I keep hearing the same questions about the Cramer-Rao lower error bound again and again over the years, so here I’ll collect some facts or intuition about the bound that address those questions and are hard to find in the literature. I will be as brief as possible, and you can find the technical details in books, such as Lehmann and Casella, van der Vaart, and the references below.

  1. Cramer and Rao were not the first provers of the bound; see wiki. For this reason it is also called the information inequality or the efficiency bound in statistics, but the name Cramer-Rao is so widespread that everyone outside statistics uses it for clarity.
  2. The simplest form of the Cramer-Rao bound applies only to unbiased estimators (https://en.wikipedia.org/wiki/Bias_of_an_estimator). It can be violated by biased estimators, which are actually very common. There is a simple modification of the bound for biased estimators, but you need to know the bias to apply the modification, and the bias depends on the estimator you use, so the modification is not very useful in practice.

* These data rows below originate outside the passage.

(* Let $X$ be a uniformly smooth Banach space and let $\{S_i\}_{i=1}^\infty$ be a family of nonempty subsets of $X$ such that $a\in\bigcap_{i=1}^\infty\operatorname{conv} S_i$ and $D=\sup_i\operatorname{diam} S_i<\infty$. Then there exists a sequence $\{x_i\}_{i=1}^\infty$ with $x_i\in S_i$ for every $i$ such that, for every $k\in\mathbb{N}$, the vector $a_k=\frac1k\sum_{i=1}^k x_i$ satisfies $$\|a-a_k\|\le \frac{2e^2}{k\,\rho_X^{-1}(1/k)}\,D .$$
   Context: The modulus of smoothness of a Banach space $X$ is $\rho_X(\tau)=\sup\{\tfrac12(\|x+\tau y\|+\|x-\tau y\|)-1 : \|x\|=\|y\|=1\}$ for $\tau\ge 0$. $X$ is uniformly smooth if $\rho_X(t)=o(t)$ as $t\to0$. The function $\rho_X$ is convex, strictly increasing and continuous on $[0,\infty)$, with $\rho_X(0)=0$, and it satisfies $\sqrt{1+\tau^2}-1\le\rho_X(\tau)$. Consequently it is a bijection of $[0,\infty)$ onto itself, and $\rho_X^{-1}$ denotes its inverse function. $\operatorname{conv}$ denotes the convex hull, and $\operatorname{diam} S=\sup_{x,y\in S}\|x-y\|$. *)

From Stdlib Require Import Reals Lra List ClassicalEpsilon.
Open Scope R_scope.

Record NormedSpace := {
  V :> Type;
  vadd : V -> V -> V;
  vzero : V;
  vopp : V -> V;
  vscal : R -> V -> V;
  vnorm : V -> R;
  vadd_assoc : forall x y z, vadd x (vadd y z) = vadd (vadd x y) z;
  vadd_comm : forall x y, vadd x y = vadd y x;
  vadd_0l : forall x, vadd vzero x = x;
  vadd_oppr : forall x, vadd x (vopp x) = vzero;
  vscal_addr : forall c x y, vscal c (vadd x y) = vadd (vscal c x) (vscal c y);
  vscal_addl : forall c d x, vscal (c + d) x = vadd (vscal c x) (vscal d x);
  vscal_assoc : forall c d x, vscal c (vscal d x) = vscal (c * d) x;
  vscal_1 : forall x, vscal 1 x = x;
  vnorm_eq0 : forall x, vnorm x = 0 -> x = vzero;
  vnorm_scal : forall c x, vnorm (vscal c x) = Rabs c * vnorm x;
  vnorm_triangle : forall x y, vnorm (vadd x y) <= vnorm x + vnorm y
}.

Arguments vadd {_}. Arguments vzero {_}. Arguments vopp {_}.
Arguments vscal {_}. Arguments vnorm {_}.

Definition vsub {X : NormedSpace} (x y : X) : X := vadd x (vopp y).

Definition Banach (X : NormedSpace) : Prop :=
  forall u : nat -> X,
    (forall eps, 0 < eps -> exists N, forall m n, (N <= m)%nat -> (N <= n)%nat ->
        vnorm (vsub (u m) (u n)) < eps) ->
    exists l : X, forall eps, 0 < eps -> exists N, forall n, (N <= n)%nat ->
        vnorm (vsub (u n) l) < eps.

(* Supremum of a set of reals (0 if empty or unbounded; only used where it exists). *)
Definition Rsup_set (E : R -> Prop) : R :=
  match excluded_middle_informative (bound E /\ exists r, E r) with
  | left H => proj1_sig (completeness E (proj1 H) (proj2 H))
  | right _ => 0
  end.

Definition smooth_set (X : NormedSpace) (tau : R) (r : R) : Prop :=
  exists x y : X, vnorm x = 1 /\ vnorm y = 1 /\
    r = (vnorm (vadd x (vscal tau y)) + vnorm (vsub x (vscal tau y))) / 2 - 1.

Definition rho (X : NormedSpace) (tau : R) : R := Rsup_set (smooth_set X tau).

Definition rho_inv (X : NormedSpace) (s : R) : R :=
  epsilon (inhabits 0) (fun t => 0 <= t /\ rho X t = s).

Definition uniformly_smooth (X : NormedSpace) : Prop :=
  forall eps, 0 < eps -> exists delta, 0 < delta /\
    forall t, 0 < t -> t < delta -> rho X t <= eps * t.

Definition vsum {X : NormedSpace} (l : list X) : X := fold_right vadd vzero l.

Fixpoint psum {X : NormedSpace} (x : nat -> X) (k : nat) : X :=
  match k with
  | O => vzero
  | S k' => vadd (psum x k') (x k')
  end.

Definition conv {X : NormedSpace} (S : X -> Prop) (a : X) : Prop :=
  exists l : list (R * X),
    Forall (fun p => 0 <= fst p /\ S (snd p)) l /\
    fold_right Rplus 0 (map fst l) = 1 /\
    a = vsum (map (fun p => vscal (fst p) (snd p)) l).

Definition diam {X : NormedSpace} (S : X -> Prop) : R :=
  Rsup_set (fun r => exists x y, S x /\ S y /\ r = vnorm (vsub x y)).

From Stdlib Require Import Reals Lra Lia List ClassicalEpsilon Classical.
Open Scope R_scope.

(* Write u_n = n a - (x_0 + ... + x_{n-1}) for the deviation of the n-th
   partial sum from n a.  The points are chosen greedily: since a is a convex
   combination sum l_j y_j of points y_j of S_n, and for ||z|| <= D
       ||u + z|| + ||u - z|| <= 2 ||u|| (1 + rho_X(D / ||u||)),
   averaging this over z = a - y_j (where the average of ||u - z|| is at least
   ||u||) gives some y in S_n with ||u + a - y|| <= ||u|| (1 + 2 rho_X(D/||u||)).
   Together with the trivial bound ||u_{n+1}|| <= ||u_n|| + D, a threshold
   argument at the level D / tau, tau = rho_X^{-1}(1/k), shows that
   ||u_k|| grows at most like (D/tau + D)(1 + 2/k)^(k-1) <= 2 e^2 D / tau. *)

Lemma vadd_0r {X : NormedSpace} (x : X) : vadd x vzero = x.
Proof. rewrite vadd_comm; apply vadd_0l. Qed.

Lemma vadd_cancel_l {X : NormedSpace} (x y z : X) : vadd x y = vadd x z -> y = z.
Proof.
  intro H. apply (f_equal (vadd (vopp x))) in H.
  rewrite !vadd_assoc, (vadd_comm _ (vopp x) x), vadd_oppr, !vadd_0l in H. exact H.
Qed.

Lemma vscal_0l {X : NormedSpace} (x : X) : vscal 0 x = vzero.
Proof.
  apply (vadd_cancel_l (vscal 0 x)). rewrite vadd_0r, <- vscal_addl. f_equal; ring.
Qed.

Lemma vscal_0r {X : NormedSpace} (c : R) : vscal c (@vzero X) = vzero.
Proof. rewrite <- (vscal_0l vzero) at 1. rewrite vscal_assoc, Rmult_0_r. apply vscal_0l. Qed.

Lemma vopp_scal {X : NormedSpace} (x : X) : vopp x = vscal (-1) x.
Proof.
  apply (vadd_cancel_l x). rewrite vadd_oppr. rewrite <- (vscal_1 _ x) at 1.
  rewrite <- vscal_addl. replace (1 + -1) with 0 by ring. now rewrite vscal_0l.
Qed.

Lemma vscal_oppl {X : NormedSpace} (c : R) (x : X) : vscal (-c) x = vopp (vscal c x).
Proof. rewrite vopp_scal, vscal_assoc. f_equal; ring. Qed.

  3. The maximum-likelihood estimator may often be biased. Under certain conditions, its bias asymptotically goes to zero with more samples, but for any finite sample size it may be biased and violate the Cramer-Rao bound by any amount.
  4. To make the Cramer-Rao bound a rigorous lower error bound (i.e., no-go theorem) without the unbiased assumption, mathematical statisticians such as Hajek and Le Cam have come up with amazing theorems such as the convolution theorem and the local asymptotic minimax theorem (see, e.g., Chap. 8 in van der Vaart’s book), which work in an asymptotic sense (infinite sample size). Beautiful mathematics, but in practice they are lipstick on a pig, because for any finite sample size a biased estimator can violate the Cramer-Rao bound by any amount at certain parameter values.
  5. The most airtight way to derive a lower error bound that works for any biased or unbiased estimator is to go Bayesian or minimax. For example, there exist Bayesian versions of the Cramer-Rao bound that apply to any estimator (often called the Van Trees inequality, but first discovered by Schutzenberger), and it’s easier to understand those convolution/local-minimax theorems through the Bayesian bound; see Gill and Levit and a recent paper of mine. For more Bayesian bounds, see, for example, the review + paper collection by Van Trees and Bell. For minimax bounds, see, for example, the book by Tsybakov.
  6. In terms of achievability, the maximum-likelihood estimator can asymptotically reach the Cramer-Rao bound under certain conditions, but the word “asymptotically” is again a big caveat. For any finite sample size, maximum-likelihood may violate the bound by any amount because it may be biased, as I previously mentioned, or it may also be much higher than the bound.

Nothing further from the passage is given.